During normal and accidental operations of a light water nuclear reactor, a wide range of thermal-hydraulic conditions may be encountered for which the critical heat flux (CHF) cannot be predicted by a single correlation. An encompassing model was developed for predicting the steady-state forced convective CHF for water over a wide range of thermal-hydraulic conditions. A CHF model is postulated using a conceptual CHF map to define possible CHF mechanisms for given thermal-hydraulic conditions. Existing steadystate CHF correlations, for which the primary CHF mechanism modeled can be identified, are then used in conjunction with the conceptual CHF map to construct a predictive CHF model. The CHF correlations used as the foundation of this model are the Westinghouse-3, the Biasi, and the Modified-Barnett correlations.

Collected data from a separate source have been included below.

Definition xpt (s : nat) (n : nat) (alpha : 'I_s -> int) : 'rV[R]_s :=
  ((2 : R) ^+ n)^-1 *: (rvZ alpha + \row_(j < s) (1 / 2 : R)).

End HaarDefs.

(* After the substitution t = 2^-n (u + alpha), a factor psi_1 of the Haar
   function turns integration in its variable into the integral of a difference
   g(y) - g(y + h e_j), h = 2^-(n+1), over an interval of length h, and a factor
   psi_0 into an integral over an interval of length 2h.  So, up to 2^(ns/2),
   d^n_{theta,alpha}(f) is the integral of the iterated difference
   Delta_h^theta f over a box B_n, and the mean value theorem, applied once per
   direction, gives Delta_h^theta f(y) = (-h)^|theta| D^theta f(z) with z within
   |theta| h of y.  The normalising factor of the theorem times 2^(ns/2) is
   exactly 1 / ((-h)^|theta| vol B_n), so the normalised coefficient is an
   average of values of D^theta f at points which, like x^n_alpha, tend to 0 as
   n grows; continuity of D^theta f at 0 concludes.  Finally theta! = 1 as theta
   is 0/1-valued. *)

From HB Require Import structures.
From mathcomp Require Import all_boot all_order all_algebra.
From mathcomp Require Import all_classical all_reals all_analysis.
From mathcomp Require Import ring lra.
Import Order.TTheory GRing.Theory Num.Theory.
Import numFieldNormedType.Exports.
Local Open Scope classical_set_scope.
Local Open Scope ring_scope.
(* Let $Q$ be a square region of width (side length) $R$ and let $r$ be an awake robot positioned at the center of $Q$ which knows $Q$ and the initial positions of a set $S$ of sleeping robots whose initial positions all lie in $Q$. If no robot other than those in $\{r\}\cup S$ takes action in $Q$, then $r$ can wake up all robots of $S$ within time $5R$.
   Context: Model: robots in the Euclidean plane; sleeping robots do nothing until woken. Awake robots know the global coordinates, share a global clock, can compute, move at speed $1$ (distance $\delta$ takes time $\delta$) or wait, and exchange information only with co-located robots. An awake robot co-located with a sleeping robot can wake it up and share information with it; the woken robot then acts as an awake robot (in particular it can help wake up others). *)

From Stdlib Require Import Reals Lra.
Open Scope R_scope.

Definition pt : Type := (R * R)%type.

Definition dist (p q : pt) : R :=
  sqrt ((fst p - fst q) ^ 2 + (snd p - snd q) ^ 2).

(* The closed square of side length w, centered at c, with (unit) axis
   direction u and second axis v = u rotated by 90 degrees. *)
Definition in_square (c u : pt) (w : R) (p : pt) : Prop :=
  let dx := fst p - fst c in
  let dy := snd p - snd c in
  Rabs (dx * fst u + dy * snd u) <= w / 2 /\
  Rabs (- dx * snd u + dy * fst u) <= w / 2.

(* Robots are indexed 0..n; robot 0 is the initially awake robot r,
   robots 1..n are the sleeping robots.  init i is the initial position.
   A wake-up schedule consists of:
   - traj i t : position of robot i at time t (t >= 0),
   - wake i   : the time at which robot i is woken (wake 0 = 0),
   - parent i : the robot that wakes robot i.
   Conditions: sleeping robots stay at their initial position until woken;
   every robot moves at speed at most 1; robot i (i >= 1) is woken at time
   wake i by robot parent i, which is then at init i and already awake
   (either it is r, or it was woken strictly earlier; this makes the
   "who-woke-whom" relation well founded). *)
Record valid_schedule (n : nat) (init : nat -> pt) (traj : nat -> R -> pt)
    (wake : nat -> R) (parent : nat -> nat) : Prop := {
  vs_wake0 : wake 0%nat = 0;
  vs_wake_nonneg : forall i, (i <= n)%nat -> 0 <= wake i;
  vs_asleep : forall i t, (i <= n)%nat -> 0 <= t -> t <= wake i ->
      traj i t = init i;
  vs_speed : forall i s t, (i <= n)%nat -> 0 <= s -> 0 <= t ->
      dist (traj i s) (traj i t) <= Rabs (s - t);
  vs_parent_range : forall i, (1 <= i <= n)%nat ->
      (parent i <= n)%nat /\ parent i <> i;
  vs_parent_awake : forall i, (1 <= i <= n)%nat ->
      parent i = 0%nat \/ wake (parent i) < wake i;
  vs_parent_meet : forall i, (1 <= i <= n)%nat ->
      traj (parent i) (wake i) = init i
}.

Definition init_of (c : pt) (pos : nat -> pt) (i : nat) : pt :=
  match i with O => c | S k => pos k end.

(* Induction on the number of sleeping robots, with the invariant: a robot standing at
   x at time t can wake all sleeping robots of an axis-parallel square with centre c and
   side s by time t + |xc| + 5s.  It walks to some sleeping robot p, at q in quadrant k,
   and wakes it; it keeps quadrant k and the clockwise next one, and hands the other two
   quadrants to p.  Each of the two walks to a sleeping robot z of its first quadrant,
   wakes it and leaves it the second quadrant, so that four awake robots now face one
   quadrant of side s/2 each.  By the triangle inequality the invariant is restored as
   soon as |cq| + |qz| + |zc'| <= 5s/2, where c' is the centre of the quadrant to be
   cleared from z.  Coarse bounds suffice except when q is in quadrant k, z in the
   counterclockwise next one and c' the centre of the opposite one, where the route is
   about 2.4977 s long.  The theorem is the case x = c, t = 0, in a frame in which the
   square is axis-parallel. *)

From Stdlib Require Import Reals Lra Lia List.
Import ListNotations.
Open Scope R_scope.

Lemma dist_euc_eq p q : dist p q = dist_euc (fst p) (snd p) (fst q) (snd q).
Proof. unfold dist, dist_euc; rewrite !Rsqr_pow2; reflexivity. Qed.

Lemma dist_nonneg p q : 0 <= dist p q.
Proof. apply sqrt_pos. Qed.

Lemma dist_sym p q : dist p q = dist q p.
Proof. rewrite !dist_euc_eq; apply distance_symm. Qed.

Lemma dist_refl p : dist p p = 0.
Proof. rewrite dist_euc_eq; apply distance_refl. Qed.

Lemma dist_triangle p q z : dist p z <= dist p q + dist q z.
Proof. rewrite !dist_euc_eq; apply triangle. Qed.

Lemma dist_eq_0 p q : dist p q = 0 -> p = q.
Proof.
  unfold dist; intro H.
  pose proof (pow2_ge_0 (fst p - fst q)); pose proof (pow2_ge_0 (snd p - snd q)).
  apply sqrt_eq_0 in H; [|lra].
  destruct p as [a b], q as [a' b']; simpl in *.
  f_equal; nra.
Qed.

Lemma dist_pos p q : p <> q -> 0 < dist p q.
Proof.
  intro Hpq; destruct (Rle_lt_or_eq_dec _ _ (dist_nonneg p q)) as [|E]; auto.
  symmetry in E; apply dist_eq_0 in E; contradiction.
Qed.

These correlations allow coverage of a wide range of thermal-hydraulic conditions, provide favorable comparison with experimental data, and are commonly used in the nuclear industry. The parametric ranges covered by the resultant model are

0.3 < P (MPa) <16.0

6.0 <D (mm) <30.0

100.0 <G (kg/m2·s) < 8000.0

−0.3 <X (dimensionless) < 1.0,where P is pressure; D, the hydraulic diameter; G, the mass flux; and X is quality. The CHF model compares favorably with available experimental data and was used to construct specific CHF maps.